4 Dividend Energy Stocks to Buy Right Now

ENBEPDETMPLXMETAORCLETRMPCNFLXNVDA
Artificial IntelligenceInterest Rates & YieldsCapital Returns (Dividends / Buybacks)Company FundamentalsEnergy Markets & PricesInfrastructure & Defense
4 Dividend Energy Stocks to Buy Right Now

The article argues that rising electricity demand from AI and data centers is creating new revenue opportunities for midstream energy companies, especially Enbridge, Enterprise Products Partners, Energy Transfer, and MPLX. It highlights attractive dividend yields of about 5.0%, 5.6%, 6.6%, and 7.8%, respectively, alongside long records of payout growth at Enbridge and Enterprise. The piece is broadly constructive on the sector’s cash-flow durability, though it flags dividend sustainability and debt levels as key risks.

Analysis

The market is starting to price midstream not as a pure commodity proxy but as a toll-road on the AI power buildout.

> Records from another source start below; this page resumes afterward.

(* Let $A$ be a $d\times n$ matrix with integer entries and $\ker(A)\cap\mathbb R^{n}_{\ge0}=\{\mathbf 0\}$. Let $\mathbf c$ be a column of $A$, let $\mathbf c'\in\mathbb Z^{d}$, and let $A'$ be the matrix obtained from $A$ by replacing the column $\mathbf c$ with $\mathbf c'$. If $p_{A'}(\mathbf c)\ge p_A(\mathbf c)$, then $p_{A'}(\mathbf b)\ge p_A(\mathbf b)$ for all $\mathbf b\in\mathbb Z^d_{\ge0}$.
   Context: For an integer matrix $M$ with $r$ columns and $\mathbf b$ a vector, $p_M(\mathbf b)=\#\{\mathbf x\in\mathbb Z^r_{\ge0}:M\mathbf x=\mathbf b\}$ (the vector partition function; counted as a cardinality). *)

From HB Require Import structures.
From mathcomp Require Import all_boot all_order all_algebra.
From mathcomp Require Import boolp classical_sets cardinality reals.
From mathcomp Require Import Rstruct.
Set Implicit Arguments. Unset Strict Implicit. Unset Printing Implicit Defensive.
Import Order.TTheory GRing.Theory Num.Theory.
Local Open Scope ring_scope.
Local Open Scope classical_set_scope.

(* The solution set {x in Z^r_{>=0} : M x = b}; the vector partition function
   p_M(b) is its cardinality, compared via the cardinal order #<=. *)
Definition vpsol (d r : nat) (M : 'M[int]_(d, r)) (b : 'cV[int]_d)
  : set 'cV[int]_r :=
  [set x : 'cV[int]_r | (forall i, 0 <= x i 0) /\ M *m x = b].

Definition replace_col (d n : nat) (A : 'M[int]_(d, n)) (j : 'I_n)
  (c' : 'cV[int]_d) : 'M[int]_(d, n) :=
  \matrix_(i < d, k < n) (if k == j then c' i 0 else A i k).

Definition pointed_kernel (d n : nat) (A : 'M[int]_(d, n)) : Prop :=
  forall x : 'cV[Rdefinitions.R]_n,
    (forall i, 0 <= x i 0) ->
    map_mx (fun z : int => z%:~R) A *m x = 0 -> x = 0.

(** If some solution x0 of A' x = c uses the new column (x0_j > 0), then
    x |-> x + x_j (x0 - e_j), which trades each use of the column c for the
    representation x0 of c, injects the solutions of A x = b into those of
    A' x = b.  Otherwise every solution of A' x = c avoids column j, so it is
    also a solution of A x = c, and e_j is a further one.  Because the kernel
    is pointed, two comparable solutions of A x = b coincide, so by Dickson's
    lemma the solution sets are finite, and a finite set cannot inject into a
    proper subset of itself: this contradicts p_A'(c) >= p_A(c). *)

From HB Require Import structures.
From mathcomp Require Import all_boot all_order all_algebra finmap.
From mathcomp Require Import boolp classical_sets functions cardinality reals.
From mathcomp Require Import Rstruct ring.
Import Order.TTheory GRing.Theory Num.Theory.
Local Open Scope ring_scope.
Local Open Scope card_scope.
Local Open Scope classical_set_scope.

Lemma nondecreasing_subseq (v : nat -> nat) :
  exists psi : nat -> nat,
    {homo psi : a b / (a < b)%N} /\ {homo v \o psi : a b / (a <= b)%N}.
Proof.
have next m : {i | (m < i)%N & forall k, (m < k)%N -> (v i <= v k)%N}.
  apply: cid2; pose P x := `[< exists2 k, (m < k)%N & v k = x >].
  have [|x /asboolP[k mk <-] vk_min] := ex_minnP (ex_intro P (v m.+1) _).
    by apply/asboolP; exists m.+1.
  by exists k => // k' mk'; apply: vk_min; apply/asboolP; exists k'.
pose f m := s2val (next m).
have f_gt m : (m < f m)%N := s2valP (next m).
have f_min m k : (m < k)%N -> (v (f m) <= v k)%N := s2valP' (next m) k.
exists (fun a => iter a.+1 f 0); split.
  by apply: (homo_ltn ltn_trans) => i; apply: f_gt.
apply: (homo_leq leqnn leq_trans) => i /=.
by apply: f_min; apply: ltn_trans (f_gt _) (f_gt _).
Qed.

Lemma dickson {n} (u : nat -> 'I_n -> nat) :
  exists i k, (i < k)%N /\ forall t, (u i t <= u k t)%N.
Proof.
suff [phi [phi_incr phi_mono]] : exists phi : nat -> nat,
    {homo phi : a b / (a < b)%N} /\
    forall t, {homo (fun a => u (phi a) t) : a b / (a <= b)%N}.
  by exists (phi 0%N), (phi 1%N); split=> [|t]; [exact: phi_incr|exact: phi_mono].
suff /(_ (enum 'I_n))[phi [phi_incr phi_mono]] :
    forall s : seq 'I_n, exists phi : nat -> nat,
    {homo phi : a b / (a < b)%N} /\
    forall t, t \in s -> {homo (fun a => u (phi a) t) : a b / (a <= b)%N}.
  by exists phi; split=> // t; apply: phi_mono; rewrite mem_enum.
elim=> [|t s [phi [phi_incr phi_mono]]]; first by exists id; split.
have [psi [psi_incr psi_mono]] := nondecreasing_subseq (fun a => u (phi a) t).
exists (phi \o psi); split=> [a b /psi_incr /phi_incr //|t'].
rewrite inE => /predU1P[-> //|/phi_mono t'_mono] a b.
rewrite leq_eqVlt => /predU1P[-> //|/psi_incr/ltnW]; exact: t'_mono.
Qed.

Lemma finite_card_le_sub_eq {T : choiceType} {A B : set T} :
  finite_set A -> B `<=` A -> A #<= B -> B = A.
Proof.
move=> finA BA leAB; have finB := sub_finite_set BA finA.
apply: fset_set_inj => //; apply/eqP; rewrite eqEfcard; apply/andP; split.
  by rewrite -fset_set_sub.
have /finite_setP[m Bm] := finB.
by rewrite (card_fset_set Bm) geq_card_fset_set // -(card_le_eqr Bm).
Qed.

Lemma mul_replace_col {d n : nat} (A : 'M[int]_(d, n)) j c' (x : 'cV[int]_n) :
  replace_col A j c' *m x = A *m x + x j 0 *: (c' - col j A).
Proof.
have -> : replace_col A j c' = A + (c' - col j A) *m delta_mx 0 j.
  apply/matrixP => i k; rewrite !mxE big_ord1 !mxE.
  by case: eqP => [->|_]; rewrite ?mulr1 ?mulr0 ?addr0 // addrCA subrr addr0.
by rewrite mulmxDl -mulmxA -rowE [row j x]mx11_scalar mxE mul_mx_scalar.
Qed.

Lemma col_replace_col {d n : nat} (A : 'M[int]_(d, n)) j c' :
  col j (replace_col A j c') = c'.
Proof. by apply/matrixP => i k; rewrite !mxE eqxx [k]ord1. Qed.

Lemma vpsol_delta_col {d n : nat} (A : 'M[int]_(d, n)) j :
  vpsol A (col j A) (delta_mx j 0).
Proof. by split=> [i|]; rewrite ?colE // mxE; case: (_ && _). Qed.

Lemma vpsol_replace_col_sub {d n : nat} {A : 'M[int]_(d, n)} {j c' b} :
  (forall x, vpsol (replace_col A j c') b x -> x j 0 = 0) ->
  vpsol (replace_col A j c') b `<=` vpsol A b.
Proof.
move=> xj0 x Sx; have [x_ge0 A'x] := Sx; split=> //.
by rewrite -A'x mul_replace_col (xj0 x Sx) scale0r addr0.
Qed.

Section PointedKernel.

Context {d n : nat} {A : 'M[int]_(d, n)}.
Hypothesis pointedA : pointed_kernel A.

Lemma pointed_kernel_int (z : 'cV[int]_n) :
  (forall i, 0 <= z i 0) -> A *m z = 0 -> z = 0.
Proof.
move=> z_ge0 Az0; pose zR := map_mx (fun k : int => k%:~R : Rdefinitions.R) z.
have zR0 : zR = 0.
  apply: pointedA => [i|]; first by rewrite mxE ler0z.
  by rewrite -map_mxM Az0 map_mx0.
apply/matrixP => i k; have /eqP := congr1 (fun M : 'M_(n, 1) => M i k) zR0.
by rewrite !mxE intr_eq0 => /eqP.
Qed.

Lemma vpsol_le_eq b (x y : 'cV[int]_n) :
  vpsol A b x -> vpsol A b y -> (forall i, x i 0 <= y i 0) -> x = y.
Proof.
move=> [_ Ax] [_ Ay] le_xy; apply/eqP; rewrite eq_sym -subr_eq0; apply/eqP.
apply: pointed_kernel_int => [i|]; first by rewrite !mxE subr_ge0.
by rewrite mulmxBr Ax Ay subrr.
Qed.

Lemma vpsol_finite b : finite_set (vpsol A b).
Proof.
apply/finite_setPn => /card_leP [f].
pose s m : 'cV[int]_n := sval (f (exist _ m (mem_set I))).
have Ss m : vpsol A b (s m) by exact: set_mem (svalP (f _)).
have [i [k [lt_ik le_ik]]] := dickson (fun m t => absz (s m t 0)).
suff /val_inj/(@inj _ _ _ f) : s i = s k.
  move=> /(_ (mem_set I) (mem_set I))/(congr1 sval)/= eq_ik.
  by rewrite eq_ik ltnn in lt_ik.
apply: vpsol_le_eq (Ss i) (Ss k) _ => t.
have [[si_ge0 _] [sk_ge0 _]] := (Ss i, Ss k).
by rewrite -(gez0_abs (si_ge0 t)) -(gez0_abs (sk_ge0 t)) lez_nat le_ik.
Qed.

End PointedKernel.

Lemma card_le_vpsol_replace_col {d n : nat} (A : 'M[int]_(d, n)) j c' b
    (x0 : 'cV[int]_n) :
  vpsol (replace_col A j c') (col j A) x0 -> 0 < x0 j 0 ->
  vpsol A b #<= vpsol (replace_col A j c') b.
Proof.
set A' := replace_col A j c' => -[x0_ge0 A'x0] x0j_gt0.
pose w := x0 - delta_mx j 0; pose f (x : 'cV[int]_n) := x + x j 0 *: w.
have w_ge0 i : 0 <= w i 0.
  by rewrite !mxE eqxx andbT; case: eqP => [->|_]; rewrite ?subr_ge0 ?subr0.
have fj x : f x j 0 = x j 0 * x0 j 0 by rewrite /f /w !mxE eqxx /=; ring.
have f_inj : injective f.
  move=> x y fxy; have := congr1 (fun z : 'cV_n => z j 0) fxy.
  rewrite /= !fj => /mulIf xyj; rewrite /f xyj ?lt0r_neq0 // in fxy.
  exact: addIr fxy.
have fS : f @` vpsol A b `<=` vpsol A' b.
  move=> _ [x [x_ge0 Ax] <-]; split=> [i|].
    by rewrite mxE [(_ *: w) _ _]mxE addr_ge0 ?mulr_ge0.
  rewrite mulmxDr -scalemxAr mulmxBr A'x0 -colE col_replace_col.
  rewrite mul_replace_col Ax -addrA -scalerDr -[col j A - c']opprB subrr.
  by rewrite scaler0 addr0.
by rewrite -(card_le_eql (inj_card_eq (in2W f_inj))); apply: subset_card_le.
Qed.

Theorem mainTheorem16 (d n : nat) (A : 'M[int]_(d, n)) (j : 'I_n)
  (c' : 'cV[int]_d) :
  pointed_kernel A ->
  vpsol A (col j A) #<= vpsol (replace_col A j c') (col j A) ->
  forall b : 'cV[int]_d, (forall i, 0 <= b i 0) ->
    vpsol A b #<= vpsol (replace_col A j c') b.
Proof.
set c := col j A; set A' := replace_col A j c' => pointedA le_c b _.
have [[x0 [Sx0 x0j_gt0]]|no_pos] :=
  pselect (exists x0, vpsol A' c x0 /\ 0 < x0 j 0).
  exact: card_le_vpsol_replace_col Sx0 x0j_gt0.
have xj0 x : vpsol A' c x -> x j 0 = 0.
  move=> Sx; apply/eqP; rewrite eq_le (proj1 Sx) andbT leNgt.
  by apply/negP => xj_gt0; apply: no_pos; exists x.
have eqS := finite_card_le_sub_eq (vpsol_finite pointedA c)
  (vpsol_replace_col_sub xj0) le_c.
have := xj0 (delta_mx j 0); rewrite eqS => /(_ (vpsol_delta_col A j)).
by rewrite mxE !eqxx.
Qed.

The important second-order effect is that data-center load growth can convert previously “slow-growth” pipes and processing assets into quasi-utility franchises with visible multi-year volume commitments, which should compress perceived cash-flow risk and support higher payout multiples. ENB looks best positioned on that framing because it has the cleanest link between gas transport, renewables, and customer diversification; EPD is the highest-quality balance sheet / cash-flow compounder, but its upside is more re-rating than acceleration. The yield hierarchy matters. ET and MPLX offer higher headline income, but that’s precisely where the market is demanding proof that cash returns are durable rather than cosmetic. If power demand disappoints, project delays stack up, or financing costs stay elevated, the highest-yield names will de-rate first because their distributions have the least room for error. Conversely, if AI-related load additions keep translating into long-dated contracts, the path of least resistance is multiple expansion in ENB/EPD, not just dividend support. Consensus is probably underestimating how long the capex cycle can stay self-reinforcing. Once one hyperscaler commits to a regional energy solution, the local grid constraint becomes a competitive moat for the incumbent midstream operator, forcing follow-on customers to cluster around the same network. The risk is timing: this is a 12-24 month underwriting story, not a next-quarter earnings trade, and any delay in data-center commissioning would hit sentiment before it hits cash flow. The cleaner contrarian angle is that the crowd is chasing yield without fully distinguishing between funded growth and financial engineering. ENB and EPD are the quality longs; ET and MPLX are better expressed as smaller-size income trades unless there is visible backlog conversion. If rates fall, the trade can work on two fronts—lower discount rates and cheaper project financing—but if rates stay sticky, only the names with the strongest self-funded capital programs should keep compounding.